## Your instructions
Look through the entries below and extract exactly the lines from the one containing "by rewrite [insub" through the one containing "- move=> i;", ends included.

## Source data

(* Let $X$ be an extensible marked Dynkin diagram with $d$ nodes, let $n\ge d$ with $\det(X_n)\ne0$, let $R=\mathbb Z/\det(X_n)\mathbb Z$, and let $b_1,\dots,b_n\in R$ be such that $(-\Delta)\,\omega_i^{(n)}\equiv b_i\,\overline{\omega}_1^{(n)}\pmod{Q(X_n)}$ for $i=1,\dots,n$. Put $b=(b_1,\dots,b_n)^T\in R^n$ and let $A=C(X_n)$, viewed as a matrix over $R$. Then: (i) $A^Tb=0$ in $R^n$; (ii) if $x\in R^n$ satisfies $A^Tx=0$, then $x$ is a multiple of $b$; (iii) $b$ is the unique element of $R^n$ such that $A^Tb=0$ and $b_n=-\Delta+\det(X_n)\mathbb Z$.
   Context: A marked Dynkin diagram $X$ has nodes $1,\dots,d$ with node $d$ distinguished and symmetrizable generalized Cartan matrix $C(X)$. For $n\ge d$, $X_n$ is obtained by attaching a simply-laced chain of new nodes $d+1,\dots,n$ to node $d$ (so $C(X_n)$ has $C(X)$ as upper-left block, $2$ on the remaining diagonal, $-1$ in positions $(i,i+1),(i+1,i)$ for $d\le i<n$, $0$ elsewhere). $\det(Y)$ is the determinant of the generalized Cartan matrix of $Y$. The sequence $\det(X_n)$, $n\ge d$, is arithmetic with common difference $\Delta$; $X$ is extensible if $\Delta\ne0$, $\det(X)\ne0$ and $\gcd(\Delta,\det X)=1$. For $\mathfrak g(X_n)$: simple roots $\alpha_i^{(n)}$, coroots $\check\alpha_i^{(n)}$ with $\alpha_j^{(n)}(\check\alpha_i^{(n)})=C(X_n)_{ij}$, root lattice $Q(X_n)$, weight lattice $P(X_n)$, fundamental weights $\omega_i^{(n)}$ with $\omega_i^{(n)}(\check\alpha_j^{(n)})=\delta_{ij}$, $\overline{\omega}_1^{(n)}=\omega_n^{(n)}$. When $\det(X_n)\ne0$, $P(X_n)/Q(X_n)$ is cyclic of order $|\det(X_n)|$ generated by $[\overline{\omega}_1^{(n)}]$, so multiplying $\overline{\omega}_1^{(n)}$ by an element of $R$ is well defined modulo $Q(X_n)$. *)

From HB Require Import structures.
From mathcomp Require Import all_boot all_order all_algebra.
Set Implicit Arguments. Unset Strict Implicit. Unset Printing Implicit Defensive.
Import Order.TTheory GRing.Theory Num.Theory.
Local Open Scope ring_scope.

(* Nodes are 0-indexed: paper node k is index k-1.  The distinguished
   node d of X is index d-1. *)

Definition is_GCM (k : nat) (A : 'M[int]_k) : Prop :=
  [/\ (forall i, A i i = 2),
      (forall i j, i != j -> A i j <= 0) &
      (forall i j, A i j = 0 <-> A j i = 0)].

Definition symmetrizable (k : nat) (A : 'M[int]_k) : Prop :=
  exists e : 'rV[rat]_k, (forall i, 0 < e 0 i) /\
    diag_mx e *m map_mx (fun z : int => z%:~R) A
    = (diag_mx e *m map_mx (fun z : int => z%:~R) A)^T.

(* C(X_n): C(X) as upper-left block, a simply-laced chain d+1,...,n
   attached to node d. *)
Definition ext_mx (d : nat) (C : 'M[int]_d) (n : nat) : 'M[int]_n :=
  \matrix_(i < n, j < n)
    match (insub (val i) : option 'I_d), (insub (val j) : option 'I_d) with
    | Some i', Some j' => C i' j'
    | _, _ =>
      if val i == val j then 2
      else if ((val i).+1 == val j) && (d <= val j)%N
              || ((val j).+1 == val i) && (d <= val i)%N
           then -1 else 0
    end.

Definition detX (d : nat) (C : 'M[int]_d) (n : nat) : int := \det (ext_mx C n).

(* common difference Delta of the arithmetic sequence det(X_n), n >= d *)
Definition Delta (d : nat) (C : 'M[int]_d) : int := detX C d.+1 - detX C d.

Definition extensible (d : nat) (C : 'M[int]_d) : Prop :=
  [/\ Delta C != 0, \det C != 0 & coprimez (Delta C) (\det C)].

(* Weight lattice P(X_n) realized as Z^n in the basis of fundamental weights
   omega_i (omega_i(coroot_j) = delta_ij); the simple root alpha_j then has
   coordinates alpha_j(coroot_i) = C_ij, i.e. column j of C(X_n). *)
Definition fund_weight (n : nat) (i : 'I_n) : 'cV[int]_n := delta_mx i 0.

Definition simple_root (n : nat) (A : 'M[int]_n) (j : 'I_n) : 'cV[int]_n :=
  col j A.

Definition in_root_lattice (n : nat) (A : 'M[int]_n) (v : 'cV[int]_n) : Prop :=
  exists c : 'I_n -> int, v = \sum_j c j *: simple_root A j.

From HB Require Import structures.
From mathcomp Require Import all_boot all_order all_algebra.
From mathcomp Require Import ring zify.
Set Implicit Arguments. Unset Strict Implicit. Unset Printing Implicit Defensive.
Import Order.TTheory GRing.Theory Num.Theory.
Local Open Scope ring_scope.

(* Let A = C(X_n), D = det A and J = adj A, so that A J = J A = D.  A vector of
   the root lattice is A c, hence is killed by J modulo D; applied to the
   hypothesis on b this says that every row r of J satisfies
   Delta r_i = - b_i r_n (mod D).  Conversely D x = J^T (A^T x), so every
   solution of A^T x = 0 (mod D) is an integral combination of rows of J and
   satisfies the same relation.  Since det X_n = det X + (n - d) Delta, Delta
   is a unit modulo D, and so is the corner entry det X_{n-1} = D - Delta of J;
   the last row of J thus determines b up to that unit, which yields A^T b = 0
   and b_n = - Delta, and the relation gives (ii) and the uniqueness in (iii). *)

Definition lead_submx (R : Type) k (M : 'M[R]_k.+1) : 'M[R]_k :=
  row' ord_max (col' ord_max M).

Section PendantNode.

Variables (R : comNzRingType) (k : nat) (M : 'M[R]_k.+2).
Let p : 'I_k.+2 := inord k.
Hypothesis last_row0 : forall j, j != ord_max -> j != p -> M ord_max j = 0.
Hypothesis last_col0 : forall i, i != ord_max -> i != p -> M i ord_max = 0.

Lemma det_pendant : \det M = M ord_max ord_max * \det (lead_submx M)
  - M ord_max p * M p ord_max * \det (lead_submx (lead_submx M)).
Proof.
have p_val : p = k :> nat by rewrite inordK.
have p_max : p != ord_max by apply/eqP => /(congr1 (@nat_of_ord _)); rewrite p_val => /n_Sn.
rewrite (expand_det_row _ ord_max) (bigD1 ord_max) // (bigD1 p) //= big1 ?addr0; last first.
  by move=> j /andP[jn jp]; rewrite last_row0 ?mul0r.
rewrite /cofactor; set N := row' ord_max (col' p M).
have N_last i : N i ord_max = M (lift ord_max i) ord_max.
  by rewrite !mxE; congr (M _ _); apply: val_inj; rewrite /= /bump p_val leqnn.
rewrite [\det N](expand_det_col _ ord_max) (bigD1 ord_max) //= big1 ?addr0; last first.
  move=> i ni; rewrite N_last last_col0 ?mul0r // 1?eq_sym ?neq_lift //.
  apply: contra ni => /eqP/(congr1 (@nat_of_ord _)); rewrite lift_max p_val => ik.
  exact/eqP/ord_inj.
rewrite /cofactor N_last !addnn p_val addSn addnn exprS -!mul2n !exprM sqrrN !expr1n.
have -> : lift ord_max (ord_max : 'I_k.+1) = p by apply: ord_inj; rewrite lift_max p_val.
have -> : row' ord_max (col' ord_max N) = lead_submx (lead_submx M).
  apply/matrixP => i j; rewrite !mxE; congr (M _ _); apply: val_inj.
  have jk : (k <= j)%N = false by rewrite leqNgt ltn_ord.
  by rewrite /= /bump p_val jk add0n jk ltnNge leq_eqVlt ltn_ord orbT.
ring.
Qed.

End PendantNode.

Section ExtendedCartanMatrix.

Variables (d : nat) (C : 'M[int]_d).

Lemma ext_mx_chainE n (i j : 'I_n) : (d <= i)%N || (d <= j)%N ->
  ext_mx C n i j =
    if i == j :> nat then 2 else if (i.+1 == j) || (j.+1 == i) then -1 else 0.
Proof.
move=> dij; rewrite mxE.
have -> : ((i.+1 == j) && (d <= j)%N || (j.+1 == i) && (d <= i)%N)
          = (i.+1 == j) || (j.+1 == i).
  by apply/idP/idP; lia.
case/orP: dij => [di|dj]; first by rewrite insubF // ltnNge di.
by rewrite [insub (val j)]insubF ?ltnNge ?dj //; case: insub.
Qed.

Lemma ext_mx_self : ext_mx C d = C.
Proof. by apply/matrixP => i j; rewrite mxE !valK. Qed.

Lemma lead_submx_ext_mx k : lead_submx (ext_mx C k.+1) = ext_mx C k.
Proof.
have val_lift_max (i : 'I_k) : \val (lift ord_max i) = \val i by apply: lift_max.
by apply/matrixP => i j; rewrite !mxE !val_lift_max.
Qed.

Lemma adj_ext_mx_corner n : \adj (ext_mx C n.+1) ord_max ord_max = detX C n.
Proof.
rewrite mxE /cofactor addnn -mul2n exprM sqrrN !expr1n mul1r.
by rewrite -[row' _ _]/(lead_submx _) lead_submx_ext_mx.
Qed.

Lemma detX_rec k : (d <= k.+1)%N -> detX C k.+2 = 2 * detX C k.+1 - detX C k.
Proof.
move=> dk; have p_val : (inord k : 'I_k.+2) = k :> nat by rewrite inordK.
have chainE (i j : 'I_k.+2) : i = ord_max \/ j = ord_max -> ext_mx C k.+2 i j =
    if i == j :> nat then 2 else if (i.+1 == j) || (j.+1 == i) then -1 else 0.
  by move=> ij; rewrite ext_mx_chainE //; case: ij => ->; rewrite /= dk ?orbT.
rewrite /detX det_pendant ?lead_submx_ext_mx.
- rewrite !chainE ?p_val; try tauto.
  by rewrite /= !eqxx /= (gtn_eqF (ltnSn k)) (ltn_eqF (ltnSn k)) orbT mulrNN mul1r.
- move=> j; rewrite -!val_eqE /= p_val => jn jp; have jk := ltn_ord j.
  by rewrite chainE ?ifF //=; [lia | lia | left].
- move=> i; rewrite -!val_eqE /= p_val => i_n ip; have ik := ltn_ord i.
  by rewrite chainE ?ifF //=; [lia | lia | right].
Qed.

Lemma detX_succ n : (d <= n.+1)%N -> detX C n.+1 = detX C n + Delta C.
Proof.
have step t : detX C (d + t).+1 - detX C (d + t) = Delta C.
  elim: t => [|t IH]; first by rewrite addn0.
  by rewrite addnS detX_rec ?leqW ?leq_addr // -IH; ring.
move=> dn; case: (leqP d n) => [dn' | nd].
  by have := step (n - d)%N; rewrite subnKC // => <-; ring.
have dn1 : n.+1 = d by apply/eqP; rewrite eqn_leq dn nd.
by move: (detX_rec dn) (step 0); rewrite addn0 dn1 => rec <-; rewrite rec; ring.
Qed.

Lemma detX_arith t : detX C (d + t) = \det C + t%:Z * Delta C.
Proof.
elim: t => [|t IH]; first by rewrite addn0 mul0r addr0 /detX ext_mx_self.
by rewrite addnS detX_succ ?leqW ?leq_addr // IH -addn1 PoszD; ring.
Qed.

Hypothesis coprime_Delta_det : coprimez (Delta C) (\det C).

Lemma coprime_Delta_detX n : (d <= n)%N -> coprimez (Delta C) (detX C n).
Proof. by move=> dn; rewrite -(subnKC dn) detX_arith /coprimez addrC gcdzMDl. Qed.

Lemma coprime_detX_succ n : (d <= n.+1)%N -> coprimez (detX C n) (detX C n.+1).
Proof.
move=> dn; have := coprime_Delta_detX dn.
by rewrite detX_succ // /coprimez gcdzDr gcdzDl gcdzC.
Qed.

End ExtendedCartanMatrix.
Lemma adj_mul_root_lattice n (A : 'M[int]_n) v :
  in_root_lattice A v -> forall k, (\det A %| (\adj A *m v) k ord0)%Z.
Proof.
case=> c -> k; have -> : \sum_j c j *: simple_root A j = A *m \col_j c j.
  by apply/matrixP => i q; rewrite summxE mxE; apply: eq_bigr => j _; rewrite !mxE mulrC.
by rewrite mulmxA mul_adj_mx mul_scalar_mx mxE dvdz_mulr.
Qed.

Lemma kernel_trmx_mod_det n (A : 'M[int]_n) (x : 'cV[int]_n) : \det A != 0 ->
  (forall j, (\det A %| (A^T *m x) j ord0)%Z) -> exists w : 'cV_n, x = (\adj A)^T *m w.
Proof.
move=> detA_neq0 dvd_x; exists (\col_j ((A^T *m x) j ord0 %/ \det A)%Z).
have col_divzK (y : 'cV_n) : (forall j, \det A %| y j ord0)%Z ->
    \det A *: \col_j (y j ord0 %/ \det A)%Z = y.
  by move=> dvd_y; apply/matrixP => j q; rewrite (ord1 q) !mxE mulrC divzK.
apply: (scalemx_inj detA_neq0); rewrite scalemxAr col_divzK //.
by rewrite mulmxA -trmx_mul mul_mx_adj tr_scalar_mx mul_scalar_mx.
Qed.

Section KernelTrmxModDet.

Variables (n : nat) (A : 'M[int]_n.+1) (delta : int) (b : 'cV[int]_n.+1).
Let D := \det A.
Let u := \adj A ord_max ord_max.
Hypothesis D_neq0 : D != 0.
Hypothesis coprime_delta : coprimez delta D.
Hypothesis coprime_u : coprimez u D.
Hypothesis b_root : forall i, in_root_lattice A
  (- delta *: fund_weight i - b i ord0 *: fund_weight ord_max).

Lemma adj_row_relation k i :
  (D %| - delta * \adj A k i - b i ord0 * \adj A k ord_max)%Z.
Proof.
have := adj_mul_root_lattice (b_root i) k.
by rewrite mulmxBr -!scalemxAr /fund_weight -!colE !mxE.
Qed.

Lemma kernel_trmx_relation (x : 'cV_n.+1) : (forall j, (D %| (A^T *m x) j ord0)%Z) ->
  forall i, (D %| - delta * x i ord0 - b i ord0 * x ord_max ord0)%Z.
Proof.
case/kernel_trmx_mod_det => // w -> i.
rewrite ![(_ *m w) _ _]mxE !mulr_sumr -sumrB; apply: rpred_sum => k _.
rewrite ![(\adj A)^T _ _]mxE.
suff -> : - delta * (\adj A k i * w k ord0) - b i ord0 * (\adj A k ord_max * w k ord0)
    = w k ord0 * (- delta * \adj A k i - b i ord0 * \adj A k ord_max).
  exact/dvdz_mull/adj_row_relation.
ring.
Qed.

Let coprime_D_u : coprimez D u. Proof. by rewrite coprimez_sym. Qed.
Let coprime_D_delta : coprimez D delta. Proof. by rewrite coprimez_sym. Qed.

Lemma trmx_mul_b_dvd j : (D %| (A^T *m b) j ord0)%Z.
Proof.
rewrite -(Gauss_dvdzr _ coprime_D_u).
have -> : u * (A^T *m b) j ord0 =
    \sum_i A i j * - (- delta * \adj A ord_max i - b i ord0 * u)
    - delta * (\adj A *m A) ord_max j.
  rewrite [(A^T *m b) _ _]mxE [(\adj A *m A) _ _]mxE !mulr_sumr -sumrB.
  by apply: eq_bigr => i _; rewrite !mxE; ring.
rewrite mul_adj_mx mxE rpredB ?dvdz_mull ?rpredMn ?dvdzz //.
by apply: rpred_sum => i _; rewrite dvdz_mull ?rpredN ?adj_row_relation.
Qed.

Lemma b_last_dvd : (D %| b ord_max ord0 + delta)%Z.
Proof.
rewrite -(Gauss_dvdzr _ coprime_D_u).
suff -> : u * (b ord_max ord0 + delta) = - (- delta * u - b ord_max ord0 * u).
  by rewrite rpredN adj_row_relation.
ring.
Qed.

Lemma kernel_trmx_multiple (x : 'cV_n.+1) : (forall j, (D %| (A^T *m x) j ord0)%Z) ->
  exists c, forall i, (D %| x i ord0 - c * b i ord0)%Z.
Proof.
move=> ker_x; have [[s t] /= st] := coprimezP _ _ coprime_delta.
exists (- s * x ord_max ord0) => i.
suff -> : x i ord0 - - s * x ord_max ord0 * b i ord0 =
    - s * (- delta * x i ord0 - b i ord0 * x ord_max ord0) + t * x i ord0 * D.
  by rewrite rpredD ?dvdz_mull ?dvdzz ?kernel_trmx_relation.
by rewrite -[x i ord0 in LHS]mulr1 -st; ring.
Qed.

Lemma kernel_trmx_unique (y : 'cV_n.+1) : (forall j, (D %| (A^T *m y) j ord0)%Z) ->
  (D %| y ord_max ord0 + delta)%Z -> forall i, (D %| y i ord0 - b i ord0)%Z.
Proof.
move=> ker_y y_last i; rewrite -(Gauss_dvdzr _ coprime_D_delta).
suff -> : delta * (y i ord0 - b i ord0) =
    - (- delta * y i ord0 - b i ord0 * y ord_max ord0) - b i ord0 * (y ord_max ord0 + delta).
  by rewrite rpredB ?rpredN ?dvdz_mull ?kernel_trmx_relation.
ring.
Qed.

End KernelTrmxModDet.

Lemma eqz_modP (d m n : int) : (m = n %[mod d])%Z <-> (d %| m - n)%Z.
Proof. by rewrite -eqz_mod_dvd; split => /eqP. Qed.

Theorem lemma3p5 (d : nat) (C : 'M[int]_d) (m : nat) (b : 'cV[int]_m.+1) :
  (0 < d)%N -> is_GCM C -> symmetrizable C -> extensible C ->
  (d <= m.+1)%N ->
  detX C m.+1 != 0 ->
  (forall i : 'I_m.+1, in_root_lattice (ext_mx C m.+1)
      ((- Delta C) *: fund_weight i - b i ord0 *: fund_weight ord_max)) ->
  let A := ext_mx C m.+1 in
  let D := detX C m.+1 in
  [/\ (forall i, ((A^T *m b) i ord0 = 0 %[mod D])%Z),
      (forall x : 'cV[int]_m.+1,
         (forall i, ((A^T *m x) i ord0 = 0 %[mod D])%Z) ->
         exists c : int, forall i, (x i ord0 = c * b i ord0 %[mod D])%Z) &
      ((b ord_max ord0 = - Delta C %[mod D])%Z /\
       forall y : 'cV[int]_m.+1,
         (forall i, ((A^T *m y) i ord0 = 0 %[mod D])%Z) ->
         (y ord_max ord0 = - Delta C %[mod D])%Z ->
         forall i, (y i ord0 = b i ord0 %[mod D])%Z)].
Proof.
move=> _ _ _ [_ _ coprime_C] dm D_neq0 b_root A D.
have coprime_delta : coprimez (Delta C) D by apply: coprime_Delta_detX.
have coprime_u : coprimez (\adj A ord_max ord_max) D.
  by rewrite adj_ext_mx_corner; apply: coprime_detX_succ.
have ker_dvd x : (forall i, ((A^T *m x) i ord0 = 0 %[mod D])%Z) ->
    forall j, (D %| (A^T *m x) j ord0)%Z.
  by move=> ker_x j; rewrite -[(A^T *m x) j ord0]subr0; apply/eqz_modP.
split.
- by move=> j; apply/eqz_modP; rewrite subr0; apply: (trmx_mul_b_dvd coprime_u b_root).
- move=> x /ker_dvd /(kernel_trmx_multiple D_neq0 coprime_delta b_root) [c dvd_c].
  by exists c => i; apply/eqz_modP.
split; first by apply/eqz_modP; rewrite opprK; apply: b_last_dvd coprime_u b_root.
move=> y /ker_dvd ker_y /eqz_modP; rewrite opprK => y_last i.
exact/eqz_modP/(kernel_trmx_unique D_neq0 coprime_delta b_root).
Qed.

## Task answer
by rewrite [insub (val j)]insubF ?ltnNge ?dj //; case: insub.
Qed.

Lemma ext_mx_self : ext_mx C d = C.
Proof. by apply/matrixP => i j; rewrite mxE !valK. Qed.

Lemma lead_submx_ext_mx k : lead_submx (ext_mx C k.+1) = ext_mx C k.
Proof.
have val_lift_max (i : 'I_k) : \val (lift ord_max i) = \val i by apply: lift_max.
by apply/matrixP => i j; rewrite !mxE !val_lift_max.
Qed.

Lemma adj_ext_mx_corner n : \adj (ext_mx C n.+1) ord_max ord_max = detX C n.
Proof.
rewrite mxE /cofactor addnn -mul2n exprM sqrrN !expr1n mul1r.
by rewrite -[row' _ _]/(lead_submx _) lead_submx_ext_mx.
Qed.

Lemma detX_rec k : (d <= k.+1)%N -> detX C k.+2 = 2 * detX C k.+1 - detX C k.
Proof.
move=> dk; have p_val : (inord k : 'I_k.+2) = k :> nat by rewrite inordK.
have chainE (i j : 'I_k.+2) : i = ord_max \/ j = ord_max -> ext_mx C k.+2 i j =
    if i == j :> nat then 2 else if (i.+1 == j) || (j.+1 == i) then -1 else 0.
  by move=> ij; rewrite ext_mx_chainE //; case: ij => ->; rewrite /= dk ?orbT.
rewrite /detX det_pendant ?lead_submx_ext_mx.
- rewrite !chainE ?p_val; try tauto.
  by rewrite /= !eqxx /= (gtn_eqF (ltnSn k)) (ltn_eqF (ltnSn k)) orbT mulrNN mul1r.
- move=> j; rewrite -!val_eqE /= p_val => jn jp; have jk := ltn_ord j.
  by rewrite chainE ?ifF //=; [lia | lia | left].
- move=> i; rewrite -!val_eqE /= p_val => i_n ip; have ik := ltn_ord i.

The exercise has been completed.